▶ **Records provided**

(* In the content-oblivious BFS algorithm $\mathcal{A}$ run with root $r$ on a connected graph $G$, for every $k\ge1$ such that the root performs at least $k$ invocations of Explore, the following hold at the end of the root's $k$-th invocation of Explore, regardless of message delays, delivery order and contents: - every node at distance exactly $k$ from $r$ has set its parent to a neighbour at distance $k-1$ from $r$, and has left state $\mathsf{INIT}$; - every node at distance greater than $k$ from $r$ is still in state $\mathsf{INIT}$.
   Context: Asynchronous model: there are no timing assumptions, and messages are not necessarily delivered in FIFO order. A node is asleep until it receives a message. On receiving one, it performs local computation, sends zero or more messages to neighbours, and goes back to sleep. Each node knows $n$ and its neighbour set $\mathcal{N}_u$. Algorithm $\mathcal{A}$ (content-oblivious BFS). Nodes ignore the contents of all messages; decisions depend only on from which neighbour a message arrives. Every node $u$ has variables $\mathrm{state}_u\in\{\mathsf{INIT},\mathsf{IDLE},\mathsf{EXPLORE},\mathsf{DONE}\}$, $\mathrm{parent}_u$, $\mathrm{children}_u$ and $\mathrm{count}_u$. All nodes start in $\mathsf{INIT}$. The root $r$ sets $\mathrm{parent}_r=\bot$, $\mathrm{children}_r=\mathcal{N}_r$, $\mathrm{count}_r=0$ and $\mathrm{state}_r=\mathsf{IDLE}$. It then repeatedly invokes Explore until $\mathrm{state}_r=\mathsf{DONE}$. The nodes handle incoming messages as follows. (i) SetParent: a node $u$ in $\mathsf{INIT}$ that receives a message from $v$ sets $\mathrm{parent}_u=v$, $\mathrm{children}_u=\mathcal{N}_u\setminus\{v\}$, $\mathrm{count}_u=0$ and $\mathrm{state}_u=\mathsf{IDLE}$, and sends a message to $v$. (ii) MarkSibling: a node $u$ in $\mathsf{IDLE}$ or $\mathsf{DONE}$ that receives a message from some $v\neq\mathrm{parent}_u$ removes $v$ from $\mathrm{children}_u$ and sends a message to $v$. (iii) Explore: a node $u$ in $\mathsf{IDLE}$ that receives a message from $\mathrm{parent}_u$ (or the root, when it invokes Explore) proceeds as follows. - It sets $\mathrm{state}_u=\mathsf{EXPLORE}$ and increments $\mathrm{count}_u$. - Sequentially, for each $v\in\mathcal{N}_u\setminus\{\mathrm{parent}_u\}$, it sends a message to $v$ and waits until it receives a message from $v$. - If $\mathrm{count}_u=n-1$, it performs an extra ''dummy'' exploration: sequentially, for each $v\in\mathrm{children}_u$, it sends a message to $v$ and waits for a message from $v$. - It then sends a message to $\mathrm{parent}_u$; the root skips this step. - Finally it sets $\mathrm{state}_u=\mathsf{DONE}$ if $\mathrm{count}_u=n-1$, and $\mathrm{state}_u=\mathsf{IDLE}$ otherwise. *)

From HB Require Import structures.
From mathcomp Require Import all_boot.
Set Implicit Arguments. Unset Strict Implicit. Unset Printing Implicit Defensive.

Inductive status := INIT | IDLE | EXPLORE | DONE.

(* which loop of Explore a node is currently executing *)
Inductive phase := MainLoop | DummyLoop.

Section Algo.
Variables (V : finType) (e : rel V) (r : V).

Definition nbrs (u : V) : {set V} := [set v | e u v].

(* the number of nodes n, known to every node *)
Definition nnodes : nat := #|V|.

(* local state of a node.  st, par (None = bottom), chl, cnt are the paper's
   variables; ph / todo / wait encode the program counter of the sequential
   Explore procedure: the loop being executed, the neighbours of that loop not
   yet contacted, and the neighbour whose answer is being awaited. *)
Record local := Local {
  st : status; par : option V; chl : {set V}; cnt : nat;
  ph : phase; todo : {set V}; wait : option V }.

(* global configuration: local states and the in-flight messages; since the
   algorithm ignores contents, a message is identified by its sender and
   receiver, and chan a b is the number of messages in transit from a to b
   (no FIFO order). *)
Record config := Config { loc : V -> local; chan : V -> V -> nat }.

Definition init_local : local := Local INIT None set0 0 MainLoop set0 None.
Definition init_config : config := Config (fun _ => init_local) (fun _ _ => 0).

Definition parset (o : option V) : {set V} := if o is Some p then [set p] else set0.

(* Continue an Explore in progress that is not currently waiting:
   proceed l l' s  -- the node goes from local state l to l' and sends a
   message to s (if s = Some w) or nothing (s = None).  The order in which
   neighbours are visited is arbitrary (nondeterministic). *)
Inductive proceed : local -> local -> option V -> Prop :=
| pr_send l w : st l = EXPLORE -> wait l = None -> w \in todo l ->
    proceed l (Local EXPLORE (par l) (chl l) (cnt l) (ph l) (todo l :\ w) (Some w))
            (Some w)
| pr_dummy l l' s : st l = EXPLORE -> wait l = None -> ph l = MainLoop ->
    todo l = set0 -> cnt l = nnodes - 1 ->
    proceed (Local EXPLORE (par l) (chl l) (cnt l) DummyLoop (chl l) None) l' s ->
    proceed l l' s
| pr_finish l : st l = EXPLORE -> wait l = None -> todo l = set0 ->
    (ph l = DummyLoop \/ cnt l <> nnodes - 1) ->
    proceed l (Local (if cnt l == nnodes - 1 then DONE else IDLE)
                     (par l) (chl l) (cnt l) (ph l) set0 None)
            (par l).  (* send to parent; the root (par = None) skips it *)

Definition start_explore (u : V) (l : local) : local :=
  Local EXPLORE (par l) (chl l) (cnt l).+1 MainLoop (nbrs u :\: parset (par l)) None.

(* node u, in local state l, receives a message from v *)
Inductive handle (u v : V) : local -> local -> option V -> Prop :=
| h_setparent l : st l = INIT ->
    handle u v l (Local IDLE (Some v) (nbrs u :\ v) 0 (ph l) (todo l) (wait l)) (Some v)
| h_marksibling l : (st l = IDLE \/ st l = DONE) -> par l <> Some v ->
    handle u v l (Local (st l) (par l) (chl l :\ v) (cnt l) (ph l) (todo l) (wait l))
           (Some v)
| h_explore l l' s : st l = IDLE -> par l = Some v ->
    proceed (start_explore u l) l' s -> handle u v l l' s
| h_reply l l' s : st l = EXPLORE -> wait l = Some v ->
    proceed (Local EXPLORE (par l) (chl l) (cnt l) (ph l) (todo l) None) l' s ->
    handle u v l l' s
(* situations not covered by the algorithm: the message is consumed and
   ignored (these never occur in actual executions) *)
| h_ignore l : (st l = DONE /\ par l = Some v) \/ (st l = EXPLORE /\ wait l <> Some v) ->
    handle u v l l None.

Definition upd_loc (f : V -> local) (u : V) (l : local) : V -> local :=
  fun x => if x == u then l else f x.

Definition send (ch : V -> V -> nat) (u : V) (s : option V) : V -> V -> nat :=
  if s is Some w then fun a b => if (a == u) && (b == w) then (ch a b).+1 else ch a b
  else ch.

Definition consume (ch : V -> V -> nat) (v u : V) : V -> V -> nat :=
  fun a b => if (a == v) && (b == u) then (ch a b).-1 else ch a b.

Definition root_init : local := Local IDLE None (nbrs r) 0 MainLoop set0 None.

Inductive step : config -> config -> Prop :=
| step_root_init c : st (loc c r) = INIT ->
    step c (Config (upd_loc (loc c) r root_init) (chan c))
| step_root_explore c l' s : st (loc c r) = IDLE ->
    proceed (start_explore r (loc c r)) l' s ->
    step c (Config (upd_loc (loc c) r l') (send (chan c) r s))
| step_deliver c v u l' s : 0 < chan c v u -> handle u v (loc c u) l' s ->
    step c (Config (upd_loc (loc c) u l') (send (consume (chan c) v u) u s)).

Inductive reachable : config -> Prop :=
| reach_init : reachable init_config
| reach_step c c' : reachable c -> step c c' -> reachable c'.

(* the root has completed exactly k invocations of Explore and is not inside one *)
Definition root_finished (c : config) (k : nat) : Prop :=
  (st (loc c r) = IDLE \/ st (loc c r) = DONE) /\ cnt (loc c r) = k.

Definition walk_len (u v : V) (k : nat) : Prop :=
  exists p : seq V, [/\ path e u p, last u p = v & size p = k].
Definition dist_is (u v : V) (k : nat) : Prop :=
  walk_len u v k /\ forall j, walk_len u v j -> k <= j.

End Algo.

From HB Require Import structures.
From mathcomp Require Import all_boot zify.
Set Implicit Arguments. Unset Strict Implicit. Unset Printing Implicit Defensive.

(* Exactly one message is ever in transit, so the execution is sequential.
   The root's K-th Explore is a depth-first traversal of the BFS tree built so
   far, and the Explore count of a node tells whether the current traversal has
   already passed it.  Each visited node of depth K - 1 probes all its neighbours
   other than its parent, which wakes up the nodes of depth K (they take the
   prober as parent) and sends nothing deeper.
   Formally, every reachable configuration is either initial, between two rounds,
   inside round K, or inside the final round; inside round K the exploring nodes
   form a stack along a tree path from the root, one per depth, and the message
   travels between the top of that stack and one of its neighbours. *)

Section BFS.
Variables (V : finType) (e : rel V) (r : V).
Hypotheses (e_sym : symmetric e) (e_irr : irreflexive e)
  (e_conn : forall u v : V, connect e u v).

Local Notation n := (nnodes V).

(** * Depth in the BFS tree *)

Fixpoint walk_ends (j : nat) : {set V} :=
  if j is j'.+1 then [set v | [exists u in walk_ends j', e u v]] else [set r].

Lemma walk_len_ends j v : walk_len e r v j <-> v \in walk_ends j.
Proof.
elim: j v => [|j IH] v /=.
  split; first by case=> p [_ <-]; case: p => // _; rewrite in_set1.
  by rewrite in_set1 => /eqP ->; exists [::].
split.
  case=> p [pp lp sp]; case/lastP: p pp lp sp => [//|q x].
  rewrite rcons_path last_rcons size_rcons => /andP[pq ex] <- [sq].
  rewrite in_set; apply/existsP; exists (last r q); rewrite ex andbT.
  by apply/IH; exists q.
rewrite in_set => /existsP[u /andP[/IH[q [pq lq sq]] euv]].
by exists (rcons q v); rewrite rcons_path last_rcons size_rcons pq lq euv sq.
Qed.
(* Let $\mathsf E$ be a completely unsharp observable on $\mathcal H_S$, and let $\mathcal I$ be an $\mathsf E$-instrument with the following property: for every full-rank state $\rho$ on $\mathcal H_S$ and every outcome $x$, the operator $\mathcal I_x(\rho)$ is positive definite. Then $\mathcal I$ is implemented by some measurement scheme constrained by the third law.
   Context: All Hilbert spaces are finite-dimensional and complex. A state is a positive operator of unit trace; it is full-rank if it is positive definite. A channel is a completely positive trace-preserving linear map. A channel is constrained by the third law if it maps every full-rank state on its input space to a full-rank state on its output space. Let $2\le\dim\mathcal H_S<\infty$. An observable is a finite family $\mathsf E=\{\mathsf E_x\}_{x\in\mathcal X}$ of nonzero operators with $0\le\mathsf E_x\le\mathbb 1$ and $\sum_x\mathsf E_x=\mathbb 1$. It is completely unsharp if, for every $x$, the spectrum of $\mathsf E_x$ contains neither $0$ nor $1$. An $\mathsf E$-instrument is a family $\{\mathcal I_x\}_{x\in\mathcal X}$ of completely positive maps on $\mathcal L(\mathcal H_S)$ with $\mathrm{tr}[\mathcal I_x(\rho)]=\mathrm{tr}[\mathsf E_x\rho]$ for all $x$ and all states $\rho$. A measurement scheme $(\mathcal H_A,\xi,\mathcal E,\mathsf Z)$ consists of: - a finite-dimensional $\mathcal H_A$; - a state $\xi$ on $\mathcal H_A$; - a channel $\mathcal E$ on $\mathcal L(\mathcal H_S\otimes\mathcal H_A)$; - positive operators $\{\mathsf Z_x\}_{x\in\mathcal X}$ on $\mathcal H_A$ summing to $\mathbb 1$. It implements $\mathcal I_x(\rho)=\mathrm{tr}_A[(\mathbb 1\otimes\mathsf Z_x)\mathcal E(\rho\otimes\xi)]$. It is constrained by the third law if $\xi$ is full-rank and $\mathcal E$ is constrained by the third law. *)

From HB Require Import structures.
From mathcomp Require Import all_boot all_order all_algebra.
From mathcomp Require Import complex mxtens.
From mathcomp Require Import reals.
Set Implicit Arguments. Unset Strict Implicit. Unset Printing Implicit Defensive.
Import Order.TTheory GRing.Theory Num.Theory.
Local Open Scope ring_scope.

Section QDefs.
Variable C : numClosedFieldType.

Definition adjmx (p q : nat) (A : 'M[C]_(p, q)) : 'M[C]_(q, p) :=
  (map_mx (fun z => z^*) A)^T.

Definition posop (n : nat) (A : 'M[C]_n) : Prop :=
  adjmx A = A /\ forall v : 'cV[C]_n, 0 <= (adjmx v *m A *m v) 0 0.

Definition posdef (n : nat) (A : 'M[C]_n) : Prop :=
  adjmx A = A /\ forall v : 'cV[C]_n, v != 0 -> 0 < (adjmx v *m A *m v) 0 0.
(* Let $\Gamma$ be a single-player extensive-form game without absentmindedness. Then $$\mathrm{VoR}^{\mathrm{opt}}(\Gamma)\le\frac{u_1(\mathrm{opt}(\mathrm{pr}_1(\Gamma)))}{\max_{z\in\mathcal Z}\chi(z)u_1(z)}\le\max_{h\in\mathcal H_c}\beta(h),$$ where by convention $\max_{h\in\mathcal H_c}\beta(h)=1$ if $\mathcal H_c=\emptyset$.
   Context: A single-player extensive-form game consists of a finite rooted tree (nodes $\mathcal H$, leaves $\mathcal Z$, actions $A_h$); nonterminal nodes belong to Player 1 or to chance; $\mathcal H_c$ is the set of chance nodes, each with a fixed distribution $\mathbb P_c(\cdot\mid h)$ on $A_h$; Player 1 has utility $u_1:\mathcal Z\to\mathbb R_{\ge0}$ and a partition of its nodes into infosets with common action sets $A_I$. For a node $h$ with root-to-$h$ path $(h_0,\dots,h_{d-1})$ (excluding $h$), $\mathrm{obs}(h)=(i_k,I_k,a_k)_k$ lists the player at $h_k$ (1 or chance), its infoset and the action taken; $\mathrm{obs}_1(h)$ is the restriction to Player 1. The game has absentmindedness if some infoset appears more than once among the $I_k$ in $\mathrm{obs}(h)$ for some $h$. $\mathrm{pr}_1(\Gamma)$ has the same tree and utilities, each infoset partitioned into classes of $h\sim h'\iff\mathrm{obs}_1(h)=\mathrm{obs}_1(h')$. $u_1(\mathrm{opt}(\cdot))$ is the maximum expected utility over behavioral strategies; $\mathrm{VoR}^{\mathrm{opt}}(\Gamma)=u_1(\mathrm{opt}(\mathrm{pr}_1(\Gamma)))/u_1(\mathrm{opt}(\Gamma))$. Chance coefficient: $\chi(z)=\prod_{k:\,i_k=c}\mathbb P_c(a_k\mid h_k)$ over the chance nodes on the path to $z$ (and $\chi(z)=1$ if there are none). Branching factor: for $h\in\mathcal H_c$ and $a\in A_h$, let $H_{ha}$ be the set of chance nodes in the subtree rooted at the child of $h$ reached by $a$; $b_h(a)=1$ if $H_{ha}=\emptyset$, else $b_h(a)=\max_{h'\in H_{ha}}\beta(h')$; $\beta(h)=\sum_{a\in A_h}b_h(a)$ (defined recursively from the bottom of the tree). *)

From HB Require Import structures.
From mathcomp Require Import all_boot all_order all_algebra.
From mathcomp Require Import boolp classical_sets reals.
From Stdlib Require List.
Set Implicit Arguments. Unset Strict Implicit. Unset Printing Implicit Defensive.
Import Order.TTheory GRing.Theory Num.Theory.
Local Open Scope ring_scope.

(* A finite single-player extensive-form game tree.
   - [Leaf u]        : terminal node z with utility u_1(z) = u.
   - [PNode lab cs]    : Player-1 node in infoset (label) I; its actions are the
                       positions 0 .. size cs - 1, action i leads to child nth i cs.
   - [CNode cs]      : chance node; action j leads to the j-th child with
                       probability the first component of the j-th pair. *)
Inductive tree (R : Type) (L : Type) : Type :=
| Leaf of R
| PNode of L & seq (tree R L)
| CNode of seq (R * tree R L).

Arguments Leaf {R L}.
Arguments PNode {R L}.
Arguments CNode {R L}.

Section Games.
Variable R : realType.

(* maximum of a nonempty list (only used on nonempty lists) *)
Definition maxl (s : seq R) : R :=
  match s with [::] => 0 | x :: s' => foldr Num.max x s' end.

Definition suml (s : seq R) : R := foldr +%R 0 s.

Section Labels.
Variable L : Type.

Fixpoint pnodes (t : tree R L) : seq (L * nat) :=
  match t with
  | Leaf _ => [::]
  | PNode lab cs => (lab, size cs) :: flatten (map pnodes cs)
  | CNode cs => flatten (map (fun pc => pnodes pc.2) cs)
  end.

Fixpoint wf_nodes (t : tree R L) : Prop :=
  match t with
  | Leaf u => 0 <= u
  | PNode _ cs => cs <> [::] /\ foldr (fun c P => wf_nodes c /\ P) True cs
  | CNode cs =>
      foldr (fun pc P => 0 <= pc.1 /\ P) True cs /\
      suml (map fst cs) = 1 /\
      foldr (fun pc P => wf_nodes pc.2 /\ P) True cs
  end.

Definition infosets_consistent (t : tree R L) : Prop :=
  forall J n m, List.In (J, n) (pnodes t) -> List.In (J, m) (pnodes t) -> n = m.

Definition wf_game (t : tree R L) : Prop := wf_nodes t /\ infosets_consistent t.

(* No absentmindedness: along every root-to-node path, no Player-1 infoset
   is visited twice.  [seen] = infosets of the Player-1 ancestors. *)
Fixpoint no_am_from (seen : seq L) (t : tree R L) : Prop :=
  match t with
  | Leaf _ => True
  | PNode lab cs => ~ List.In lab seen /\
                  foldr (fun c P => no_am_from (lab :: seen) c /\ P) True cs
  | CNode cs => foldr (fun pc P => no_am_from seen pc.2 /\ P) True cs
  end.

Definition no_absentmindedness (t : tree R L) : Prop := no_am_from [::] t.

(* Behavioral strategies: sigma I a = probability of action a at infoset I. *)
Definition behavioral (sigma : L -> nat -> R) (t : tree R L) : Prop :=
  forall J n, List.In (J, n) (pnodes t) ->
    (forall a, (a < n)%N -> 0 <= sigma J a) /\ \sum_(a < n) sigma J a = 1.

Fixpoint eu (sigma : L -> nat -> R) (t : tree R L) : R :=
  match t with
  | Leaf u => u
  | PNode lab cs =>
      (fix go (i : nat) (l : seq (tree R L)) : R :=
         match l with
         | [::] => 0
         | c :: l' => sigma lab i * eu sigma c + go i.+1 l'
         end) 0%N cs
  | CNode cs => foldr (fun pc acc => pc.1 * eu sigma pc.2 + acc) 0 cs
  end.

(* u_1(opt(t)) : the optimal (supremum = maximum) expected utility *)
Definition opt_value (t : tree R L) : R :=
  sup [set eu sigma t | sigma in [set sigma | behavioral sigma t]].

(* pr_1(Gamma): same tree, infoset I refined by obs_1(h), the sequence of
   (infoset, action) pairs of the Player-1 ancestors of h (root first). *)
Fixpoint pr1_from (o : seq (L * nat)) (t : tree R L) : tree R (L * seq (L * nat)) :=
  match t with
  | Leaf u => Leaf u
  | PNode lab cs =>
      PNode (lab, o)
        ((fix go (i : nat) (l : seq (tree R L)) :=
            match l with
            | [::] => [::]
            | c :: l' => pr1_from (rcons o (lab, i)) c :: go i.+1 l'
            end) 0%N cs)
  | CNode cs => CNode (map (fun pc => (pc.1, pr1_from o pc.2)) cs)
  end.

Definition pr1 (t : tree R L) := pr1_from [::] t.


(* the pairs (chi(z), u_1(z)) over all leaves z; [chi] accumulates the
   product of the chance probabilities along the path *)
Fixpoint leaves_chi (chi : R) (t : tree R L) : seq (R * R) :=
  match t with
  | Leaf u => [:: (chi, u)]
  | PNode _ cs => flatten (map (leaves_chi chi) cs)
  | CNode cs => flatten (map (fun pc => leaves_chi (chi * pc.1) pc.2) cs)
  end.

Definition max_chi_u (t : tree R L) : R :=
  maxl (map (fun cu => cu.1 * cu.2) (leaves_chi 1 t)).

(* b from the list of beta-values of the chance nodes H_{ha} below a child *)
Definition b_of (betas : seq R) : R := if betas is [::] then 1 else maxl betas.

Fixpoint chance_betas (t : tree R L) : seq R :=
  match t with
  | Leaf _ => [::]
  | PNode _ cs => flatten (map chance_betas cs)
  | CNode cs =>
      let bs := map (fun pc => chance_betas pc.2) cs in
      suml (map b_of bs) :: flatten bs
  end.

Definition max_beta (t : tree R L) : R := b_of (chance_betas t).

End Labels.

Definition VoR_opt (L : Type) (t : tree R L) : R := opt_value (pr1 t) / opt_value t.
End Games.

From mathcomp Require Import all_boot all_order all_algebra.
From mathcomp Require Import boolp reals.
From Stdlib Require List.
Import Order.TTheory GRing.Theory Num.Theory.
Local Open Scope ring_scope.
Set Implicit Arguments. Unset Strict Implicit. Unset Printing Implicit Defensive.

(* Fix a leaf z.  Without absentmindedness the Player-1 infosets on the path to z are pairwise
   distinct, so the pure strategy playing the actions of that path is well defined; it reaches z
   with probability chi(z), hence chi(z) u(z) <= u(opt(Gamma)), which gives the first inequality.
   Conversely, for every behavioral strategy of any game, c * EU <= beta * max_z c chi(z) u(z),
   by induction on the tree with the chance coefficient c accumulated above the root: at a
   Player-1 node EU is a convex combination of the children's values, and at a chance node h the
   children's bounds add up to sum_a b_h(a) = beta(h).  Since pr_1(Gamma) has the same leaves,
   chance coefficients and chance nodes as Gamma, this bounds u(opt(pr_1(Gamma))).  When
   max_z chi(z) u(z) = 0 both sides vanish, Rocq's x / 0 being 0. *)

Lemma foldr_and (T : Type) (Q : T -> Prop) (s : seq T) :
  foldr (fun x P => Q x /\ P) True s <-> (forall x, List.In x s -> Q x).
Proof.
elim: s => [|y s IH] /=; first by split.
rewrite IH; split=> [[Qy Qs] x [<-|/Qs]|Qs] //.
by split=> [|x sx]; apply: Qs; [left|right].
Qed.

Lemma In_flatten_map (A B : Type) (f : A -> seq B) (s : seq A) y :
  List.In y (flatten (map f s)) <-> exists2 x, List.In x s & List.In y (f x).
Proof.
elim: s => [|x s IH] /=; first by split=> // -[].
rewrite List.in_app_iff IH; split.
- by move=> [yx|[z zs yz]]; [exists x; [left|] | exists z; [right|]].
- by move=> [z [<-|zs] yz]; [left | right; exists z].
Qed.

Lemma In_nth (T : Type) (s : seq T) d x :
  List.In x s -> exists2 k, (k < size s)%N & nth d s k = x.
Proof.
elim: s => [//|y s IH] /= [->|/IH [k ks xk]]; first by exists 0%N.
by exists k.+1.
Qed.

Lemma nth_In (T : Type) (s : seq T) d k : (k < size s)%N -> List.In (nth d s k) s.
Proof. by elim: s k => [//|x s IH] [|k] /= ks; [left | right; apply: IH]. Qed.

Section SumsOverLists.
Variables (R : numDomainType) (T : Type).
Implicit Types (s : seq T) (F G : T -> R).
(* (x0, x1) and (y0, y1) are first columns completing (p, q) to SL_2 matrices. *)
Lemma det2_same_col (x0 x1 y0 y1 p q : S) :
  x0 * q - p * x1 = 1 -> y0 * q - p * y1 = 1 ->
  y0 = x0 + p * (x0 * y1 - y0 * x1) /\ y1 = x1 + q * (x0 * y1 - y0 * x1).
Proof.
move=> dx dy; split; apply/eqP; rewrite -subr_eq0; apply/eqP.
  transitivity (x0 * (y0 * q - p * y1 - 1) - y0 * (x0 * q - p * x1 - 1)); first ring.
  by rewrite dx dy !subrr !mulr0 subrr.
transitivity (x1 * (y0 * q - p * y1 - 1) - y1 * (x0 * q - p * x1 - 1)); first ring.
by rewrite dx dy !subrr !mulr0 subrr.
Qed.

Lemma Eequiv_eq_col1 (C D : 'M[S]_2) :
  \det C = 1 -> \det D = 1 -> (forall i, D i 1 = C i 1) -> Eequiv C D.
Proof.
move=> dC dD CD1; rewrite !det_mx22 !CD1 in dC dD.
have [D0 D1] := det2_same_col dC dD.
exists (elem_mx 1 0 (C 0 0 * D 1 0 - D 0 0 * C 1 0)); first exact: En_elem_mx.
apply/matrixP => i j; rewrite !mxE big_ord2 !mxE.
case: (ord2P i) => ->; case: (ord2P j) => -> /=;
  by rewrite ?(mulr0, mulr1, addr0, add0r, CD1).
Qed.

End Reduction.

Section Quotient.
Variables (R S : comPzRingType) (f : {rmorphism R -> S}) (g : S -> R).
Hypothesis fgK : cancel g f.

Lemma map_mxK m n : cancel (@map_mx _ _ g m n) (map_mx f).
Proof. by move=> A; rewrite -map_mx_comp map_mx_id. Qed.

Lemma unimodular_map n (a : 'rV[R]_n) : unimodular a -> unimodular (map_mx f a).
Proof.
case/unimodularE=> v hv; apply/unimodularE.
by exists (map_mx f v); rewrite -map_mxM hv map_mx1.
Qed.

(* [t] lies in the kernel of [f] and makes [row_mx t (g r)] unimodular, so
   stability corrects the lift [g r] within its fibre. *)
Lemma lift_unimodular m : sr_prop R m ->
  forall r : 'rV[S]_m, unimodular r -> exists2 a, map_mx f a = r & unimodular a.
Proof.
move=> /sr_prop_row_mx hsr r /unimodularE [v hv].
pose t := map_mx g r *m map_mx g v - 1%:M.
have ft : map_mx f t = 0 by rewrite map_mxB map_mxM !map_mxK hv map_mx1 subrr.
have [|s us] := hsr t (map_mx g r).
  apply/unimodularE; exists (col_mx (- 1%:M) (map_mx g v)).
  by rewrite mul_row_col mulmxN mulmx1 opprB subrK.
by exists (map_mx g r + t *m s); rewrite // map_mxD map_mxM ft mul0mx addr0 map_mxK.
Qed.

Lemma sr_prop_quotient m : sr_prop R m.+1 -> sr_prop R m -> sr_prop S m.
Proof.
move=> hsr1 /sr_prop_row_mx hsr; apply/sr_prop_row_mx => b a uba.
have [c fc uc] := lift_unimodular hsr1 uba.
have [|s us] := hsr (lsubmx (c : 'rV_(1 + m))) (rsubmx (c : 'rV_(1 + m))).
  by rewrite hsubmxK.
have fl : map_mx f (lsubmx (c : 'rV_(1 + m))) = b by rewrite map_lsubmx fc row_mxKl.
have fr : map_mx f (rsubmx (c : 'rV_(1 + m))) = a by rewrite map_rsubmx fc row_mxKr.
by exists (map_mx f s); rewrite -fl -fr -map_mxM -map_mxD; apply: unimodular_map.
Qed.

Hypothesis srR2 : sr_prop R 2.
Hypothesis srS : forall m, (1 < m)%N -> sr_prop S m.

▶ **Instructions to follow**
Return only the number of lines in the data above that include the word "pnodes".

▶ **Answer to this task**
5